Data supplied:

"""

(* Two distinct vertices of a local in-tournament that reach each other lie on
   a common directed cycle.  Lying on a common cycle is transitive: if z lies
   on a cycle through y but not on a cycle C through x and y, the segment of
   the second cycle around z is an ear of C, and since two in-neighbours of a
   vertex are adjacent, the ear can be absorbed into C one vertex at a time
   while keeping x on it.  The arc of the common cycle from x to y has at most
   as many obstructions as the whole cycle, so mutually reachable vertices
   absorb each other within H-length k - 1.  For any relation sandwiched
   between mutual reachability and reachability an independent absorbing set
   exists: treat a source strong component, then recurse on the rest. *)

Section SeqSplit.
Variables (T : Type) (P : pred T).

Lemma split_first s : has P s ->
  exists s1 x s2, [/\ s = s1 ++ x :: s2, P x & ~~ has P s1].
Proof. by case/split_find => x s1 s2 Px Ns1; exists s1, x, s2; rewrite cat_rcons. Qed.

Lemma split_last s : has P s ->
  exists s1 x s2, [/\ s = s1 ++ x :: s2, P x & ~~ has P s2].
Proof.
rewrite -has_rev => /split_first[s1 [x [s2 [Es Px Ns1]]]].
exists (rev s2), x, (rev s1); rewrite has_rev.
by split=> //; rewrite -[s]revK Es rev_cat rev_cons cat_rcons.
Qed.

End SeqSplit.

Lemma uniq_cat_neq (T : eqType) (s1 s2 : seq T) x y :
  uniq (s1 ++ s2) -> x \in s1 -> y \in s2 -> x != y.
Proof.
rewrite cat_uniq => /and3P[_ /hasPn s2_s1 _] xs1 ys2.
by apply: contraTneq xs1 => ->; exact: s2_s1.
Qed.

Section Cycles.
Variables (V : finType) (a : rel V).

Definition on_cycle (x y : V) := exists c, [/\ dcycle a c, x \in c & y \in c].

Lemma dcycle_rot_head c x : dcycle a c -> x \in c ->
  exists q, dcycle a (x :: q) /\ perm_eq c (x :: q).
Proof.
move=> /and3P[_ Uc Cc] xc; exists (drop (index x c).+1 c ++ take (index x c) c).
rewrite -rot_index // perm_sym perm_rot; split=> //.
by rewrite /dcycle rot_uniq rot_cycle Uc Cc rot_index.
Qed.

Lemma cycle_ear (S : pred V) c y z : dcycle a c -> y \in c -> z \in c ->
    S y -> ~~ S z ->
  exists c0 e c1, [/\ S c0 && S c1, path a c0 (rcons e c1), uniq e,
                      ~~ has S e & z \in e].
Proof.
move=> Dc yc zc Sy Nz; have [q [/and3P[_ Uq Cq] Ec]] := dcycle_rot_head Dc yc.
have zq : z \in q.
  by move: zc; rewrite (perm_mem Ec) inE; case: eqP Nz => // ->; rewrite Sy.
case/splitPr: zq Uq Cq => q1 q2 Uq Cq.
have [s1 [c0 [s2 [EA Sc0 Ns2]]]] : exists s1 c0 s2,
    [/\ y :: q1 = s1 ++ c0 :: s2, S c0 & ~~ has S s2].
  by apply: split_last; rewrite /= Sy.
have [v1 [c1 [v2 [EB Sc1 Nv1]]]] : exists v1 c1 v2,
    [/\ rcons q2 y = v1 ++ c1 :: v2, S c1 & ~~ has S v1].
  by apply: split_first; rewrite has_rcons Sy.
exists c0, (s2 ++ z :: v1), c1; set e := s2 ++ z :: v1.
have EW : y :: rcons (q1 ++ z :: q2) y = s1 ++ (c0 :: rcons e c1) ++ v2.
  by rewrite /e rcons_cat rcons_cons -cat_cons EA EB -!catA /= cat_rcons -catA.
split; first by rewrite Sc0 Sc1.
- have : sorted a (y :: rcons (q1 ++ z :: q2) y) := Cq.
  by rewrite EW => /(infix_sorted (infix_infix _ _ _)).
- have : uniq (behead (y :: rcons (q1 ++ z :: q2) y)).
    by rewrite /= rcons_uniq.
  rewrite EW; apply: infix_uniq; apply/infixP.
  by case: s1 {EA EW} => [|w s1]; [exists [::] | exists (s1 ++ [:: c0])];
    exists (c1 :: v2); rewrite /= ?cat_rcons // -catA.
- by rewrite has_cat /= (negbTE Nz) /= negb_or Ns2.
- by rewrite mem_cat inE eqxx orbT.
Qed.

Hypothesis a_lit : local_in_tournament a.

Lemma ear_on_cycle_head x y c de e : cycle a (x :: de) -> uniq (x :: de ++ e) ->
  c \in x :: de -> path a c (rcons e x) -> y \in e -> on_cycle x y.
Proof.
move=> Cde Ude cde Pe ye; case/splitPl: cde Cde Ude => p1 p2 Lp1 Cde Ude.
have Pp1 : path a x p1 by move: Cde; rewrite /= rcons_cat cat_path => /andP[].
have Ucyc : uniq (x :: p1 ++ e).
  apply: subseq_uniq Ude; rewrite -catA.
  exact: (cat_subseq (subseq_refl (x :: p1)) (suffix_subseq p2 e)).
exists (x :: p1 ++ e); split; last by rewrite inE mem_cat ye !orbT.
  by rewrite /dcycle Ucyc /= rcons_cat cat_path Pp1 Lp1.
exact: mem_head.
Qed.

"""

Output the listing above word for word.

Written answer:
(* Two distinct vertices of a local in-tournament that reach each other lie on
   a common directed cycle.  Lying on a common cycle is transitive: if z lies
   on a cycle through y but not on a cycle C through x and y, the segment of
   the second cycle around z is an ear of C, and since two in-neighbours of a
   vertex are adjacent, the ear can be absorbed into C one vertex at a time
   while keeping x on it.  The arc of the common cycle from x to y has at most
   as many obstructions as the whole cycle, so mutually reachable vertices
   absorb each other within H-length k - 1.  For any relation sandwiched
   between mutual reachability and reachability an independent absorbing set
   exists: treat a source strong component, then recurse on the rest. *)

Section SeqSplit.
Variables (T : Type) (P : pred T).

Lemma split_first s : has P s ->
  exists s1 x s2, [/\ s = s1 ++ x :: s2, P x & ~~ has P s1].
Proof. by case/split_find => x s1 s2 Px Ns1; exists s1, x, s2; rewrite cat_rcons. Qed.

Lemma split_last s : has P s ->
  exists s1 x s2, [/\ s = s1 ++ x :: s2, P x & ~~ has P s2].
Proof.
rewrite -has_rev => /split_first[s1 [x [s2 [Es Px Ns1]]]].
exists (rev s2), x, (rev s1); rewrite has_rev.
by split=> //; rewrite -[s]revK Es rev_cat rev_cons cat_rcons.
Qed.

End SeqSplit.

Lemma uniq_cat_neq (T : eqType) (s1 s2 : seq T) x y :
  uniq (s1 ++ s2) -> x \in s1 -> y \in s2 -> x != y.
Proof.
rewrite cat_uniq => /and3P[_ /hasPn s2_s1 _] xs1 ys2.
by apply: contraTneq xs1 => ->; exact: s2_s1.
Qed.

Section Cycles.
Variables (V : finType) (a : rel V).

Definition on_cycle (x y : V) := exists c, [/\ dcycle a c, x \in c & y \in c].

Lemma dcycle_rot_head c x : dcycle a c -> x \in c ->
  exists q, dcycle a (x :: q) /\ perm_eq c (x :: q).
Proof.
move=> /and3P[_ Uc Cc] xc; exists (drop (index x c).+1 c ++ take (index x c) c).
rewrite -rot_index // perm_sym perm_rot; split=> //.
by rewrite /dcycle rot_uniq rot_cycle Uc Cc rot_index.
Qed.

Lemma cycle_ear (S : pred V) c y z : dcycle a c -> y \in c -> z \in c ->
    S y -> ~~ S z ->
  exists c0 e c1, [/\ S c0 && S c1, path a c0 (rcons e c1), uniq e,
                      ~~ has S e & z \in e].
Proof.
move=> Dc yc zc Sy Nz; have [q [/and3P[_ Uq Cq] Ec]] := dcycle_rot_head Dc yc.
have zq : z \in q.
  by move: zc; rewrite (perm_mem Ec) inE; case: eqP Nz => // ->; rewrite Sy.
case/splitPr: zq Uq Cq => q1 q2 Uq Cq.
have [s1 [c0 [s2 [EA Sc0 Ns2]]]] : exists s1 c0 s2,
    [/\ y :: q1 = s1 ++ c0 :: s2, S c0 & ~~ has S s2].
  by apply: split_last; rewrite /= Sy.
have [v1 [c1 [v2 [EB Sc1 Nv1]]]] : exists v1 c1 v2,
    [/\ rcons q2 y = v1 ++ c1 :: v2, S c1 & ~~ has S v1].
  by apply: split_first; rewrite has_rcons Sy.
exists c0, (s2 ++ z :: v1), c1; set e := s2 ++ z :: v1.
have EW : y :: rcons (q1 ++ z :: q2) y = s1 ++ (c0 :: rcons e c1) ++ v2.
  by rewrite /e rcons_cat rcons_cons -cat_cons EA EB -!catA /= cat_rcons -catA.
split; first by rewrite Sc0 Sc1.
- have : sorted a (y :: rcons (q1 ++ z :: q2) y) := Cq.
  by rewrite EW => /(infix_sorted (infix_infix _ _ _)).
- have : uniq (behead (y :: rcons (q1 ++ z :: q2) y)).
    by rewrite /= rcons_uniq.
  rewrite EW; apply: infix_uniq; apply/infixP.
  by case: s1 {EA EW} => [|w s1]; [exists [::] | exists (s1 ++ [:: c0])];
    exists (c1 :: v2); rewrite /= ?cat_rcons // -catA.
- by rewrite has_cat /= (negbTE Nz) /= negb_or Ns2.
- by rewrite mem_cat inE eqxx orbT.
Qed.

Hypothesis a_lit : local_in_tournament a.

Lemma ear_on_cycle_head x y c de e : cycle a (x :: de) -> uniq (x :: de ++ e) ->
  c \in x :: de -> path a c (rcons e x) -> y \in e -> on_cycle x y.
Proof.
move=> Cde Ude cde Pe ye; case/splitPl: cde Cde Ude => p1 p2 Lp1 Cde Ude.
have Pp1 : path a x p1 by move: Cde; rewrite /= rcons_cat cat_path => /andP[].
have Ucyc : uniq (x :: p1 ++ e).
  apply: subseq_uniq Ude; rewrite -catA.
  exact: (cat_subseq (subseq_refl (x :: p1)) (suffix_subseq p2 e)).
exists (x :: p1 ++ e); split; last by rewrite inE mem_cat ye !orbT.
  by rewrite /dcycle Ucyc /= rcons_cat cat_path Pp1 Lp1.
exact: mem_head.
Qed.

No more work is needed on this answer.